• Exercise description: Within the data below, count the lines that include the word "Require". Provide the number and nothing further.

• Data records:
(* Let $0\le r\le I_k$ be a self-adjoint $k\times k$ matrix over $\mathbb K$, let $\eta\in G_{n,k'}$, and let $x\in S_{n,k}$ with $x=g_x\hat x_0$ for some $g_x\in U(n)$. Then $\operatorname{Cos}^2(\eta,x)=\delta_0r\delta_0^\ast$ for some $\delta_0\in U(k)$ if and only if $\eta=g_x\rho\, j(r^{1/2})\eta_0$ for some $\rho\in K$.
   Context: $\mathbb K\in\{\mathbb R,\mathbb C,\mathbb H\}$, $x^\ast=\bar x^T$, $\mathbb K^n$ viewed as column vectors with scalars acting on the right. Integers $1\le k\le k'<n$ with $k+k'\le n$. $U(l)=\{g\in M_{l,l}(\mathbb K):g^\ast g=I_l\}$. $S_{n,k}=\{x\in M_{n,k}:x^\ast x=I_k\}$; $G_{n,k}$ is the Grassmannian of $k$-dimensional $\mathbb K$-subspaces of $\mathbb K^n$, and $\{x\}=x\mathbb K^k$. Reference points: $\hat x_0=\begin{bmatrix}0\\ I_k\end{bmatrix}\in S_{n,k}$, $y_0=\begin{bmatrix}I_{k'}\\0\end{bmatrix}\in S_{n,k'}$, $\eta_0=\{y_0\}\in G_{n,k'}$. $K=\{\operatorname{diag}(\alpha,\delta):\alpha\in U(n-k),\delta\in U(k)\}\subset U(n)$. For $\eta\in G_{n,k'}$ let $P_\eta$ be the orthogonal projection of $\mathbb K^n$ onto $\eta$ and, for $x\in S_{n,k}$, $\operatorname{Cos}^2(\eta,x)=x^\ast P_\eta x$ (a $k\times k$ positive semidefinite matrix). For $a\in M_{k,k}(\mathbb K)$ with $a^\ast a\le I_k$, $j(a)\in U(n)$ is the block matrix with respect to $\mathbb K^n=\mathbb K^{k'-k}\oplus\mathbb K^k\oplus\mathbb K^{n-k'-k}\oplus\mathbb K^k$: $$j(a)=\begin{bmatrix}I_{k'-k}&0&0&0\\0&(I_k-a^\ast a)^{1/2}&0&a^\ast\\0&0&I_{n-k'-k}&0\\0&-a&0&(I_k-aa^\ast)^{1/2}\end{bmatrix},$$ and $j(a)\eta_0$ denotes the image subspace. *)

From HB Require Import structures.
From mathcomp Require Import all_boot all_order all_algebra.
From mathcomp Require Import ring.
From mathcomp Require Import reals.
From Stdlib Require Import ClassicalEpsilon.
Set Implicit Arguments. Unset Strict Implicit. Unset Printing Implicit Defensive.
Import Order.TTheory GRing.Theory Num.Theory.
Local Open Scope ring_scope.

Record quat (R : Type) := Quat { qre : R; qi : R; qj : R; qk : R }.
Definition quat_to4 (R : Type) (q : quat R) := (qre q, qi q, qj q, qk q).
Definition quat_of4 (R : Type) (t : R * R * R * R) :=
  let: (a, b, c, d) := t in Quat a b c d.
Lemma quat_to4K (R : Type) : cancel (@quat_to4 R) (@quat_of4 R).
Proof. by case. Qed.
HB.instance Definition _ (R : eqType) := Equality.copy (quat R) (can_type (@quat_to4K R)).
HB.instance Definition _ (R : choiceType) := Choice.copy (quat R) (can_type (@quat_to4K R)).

• Reply: 5